3. Age and Condition of the Home. Generally, the newer the home is, the higher the value of the home, assuming everything else is equal when compared to other properties.

4. Square Footage and Room Count. Of course, the number of bedrooms and baths, and overall square footage affect value. If the subject property is larger, there are adjustments given for that. Lot size is considered as well.

5. Air Conditioning and Solar. Hawaii’s sunny climate makes air conditioning and solar valuable. Split-unit air conditioners run more efficiently and are considered more valuable than window a/c units. Adjustments for central air are even more. And since solar saves energy dollars, it is a strong selling point.

“Solar is a big topic right now,” says Matsuwaki. “A good solar system really enhances the value of a home.”

6. Carport vs. Garage. Matsuwaki might give an extra $5,000 value for having a garage, as compared to a carport.
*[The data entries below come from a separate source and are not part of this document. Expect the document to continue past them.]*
(* Let $n\ge 3$. Consider the board with two bounded cells formed by a cycle graph $C_n$ embedded in the plane together with one additional vertex $a$ inside the cycle that is joined by edges to exactly two adjacent vertices $b$ and $c$ of the cycle (and to no other vertices); the cells are the triangle $abc$ and a cell with $n+1$ boundary edges. In the Game of Cycles on this board, if $n$ is odd then Player~1 has a winning strategy, and if $n$ is even then Player~2 has a winning strategy.
   Context: The Game of Cycles. A board is a simple connected planar graph embedded in the plane, together with its bounded cells. Two players alternate turns; on a turn a player marks one unmarked edge with an arrow pointing along the edge in one of its two directions. Each edge receives at most one arrow, and arrows have the same effect regardless of who placed them. Moves must obey the sink-source rule: no move may create a sink (a vertex all of whose incident edges are marked with arrows pointing toward it) or a source (a vertex all of whose incident edges are marked with arrows pointing away from it). A player who has a legal move must make one. A cycle cell is a bounded cell all of whose boundary edges are marked with arrows all cycling in the same direction around that cell. The first player to create a cycle cell wins; if play ends (no legal move remains) without a cycle cell, the player who made the last move wins. A winning strategy guarantees a win regardless of the opponent's moves. *)

From mathcomp Require Import all_boot.
Set Implicit Arguments. Unset Strict Implicit. Unset Printing Implicit Defensive.

Section Board.
Variable n : nat.

(* Vertices: [Some i] is cycle vertex i (0 <= i < n), [None] is the extra vertex a.
   b is cycle vertex 0, c is cycle vertex 1 (adjacent on the cycle). *)
Definition vertex := option 'I_n.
Dollar amounts may vary, depending on the quality and location of the home, and the opinion of the appraiser.

7. Upgrades and Remodeling. When evaluating improvements, Matsuwaki takes on the role of the consumer.

“I’m looking at how good are the renovations and the quality of the upgrades?

What materials did they use? Monier tile or composition roof? Granite or Formica? Does it have high-end appliances? Garage vs. carport? Quality building materials speak volumes.”

Matsuwaki encourages folks to make a list of big-ticket improvements recently completed, along with copies of receipts, to give to the appraiser. If you’ve put on a new roof, re-wired your electrical system or renovated your kitchen, it is helpful for the appraiser to know what the improvements cost and when the work was done.

“If a person has really upgraded his condo and provides me with receipts saying this is how much I spent, even though it isn’t dollar-for-dollar, I’ll take that into consideration,” he says. “I love it when the homeowner provides me with a list of improvements, as it helps me to justify my value and may mean a higher adjustment.”

8. Landscaping/Walls/Pools. Swimming pools are a good example of how the appraised value has little to do with the cost of installation. According to Matsuwaki, a pool might cost between $25,000 and $50,000 to install, but the appraised value may be quite a bit less.

“It is not necessarily a dollar-for-dollar return on investment,” he says. “In general, depending on the neighborhood, a pool’s value will vary.”

Thinking about renovating? Consult with your Realtor to find out what improvements in your neighborhood are considered necessary.

Editor’s Note: Values may vary from appraiser to appraiser.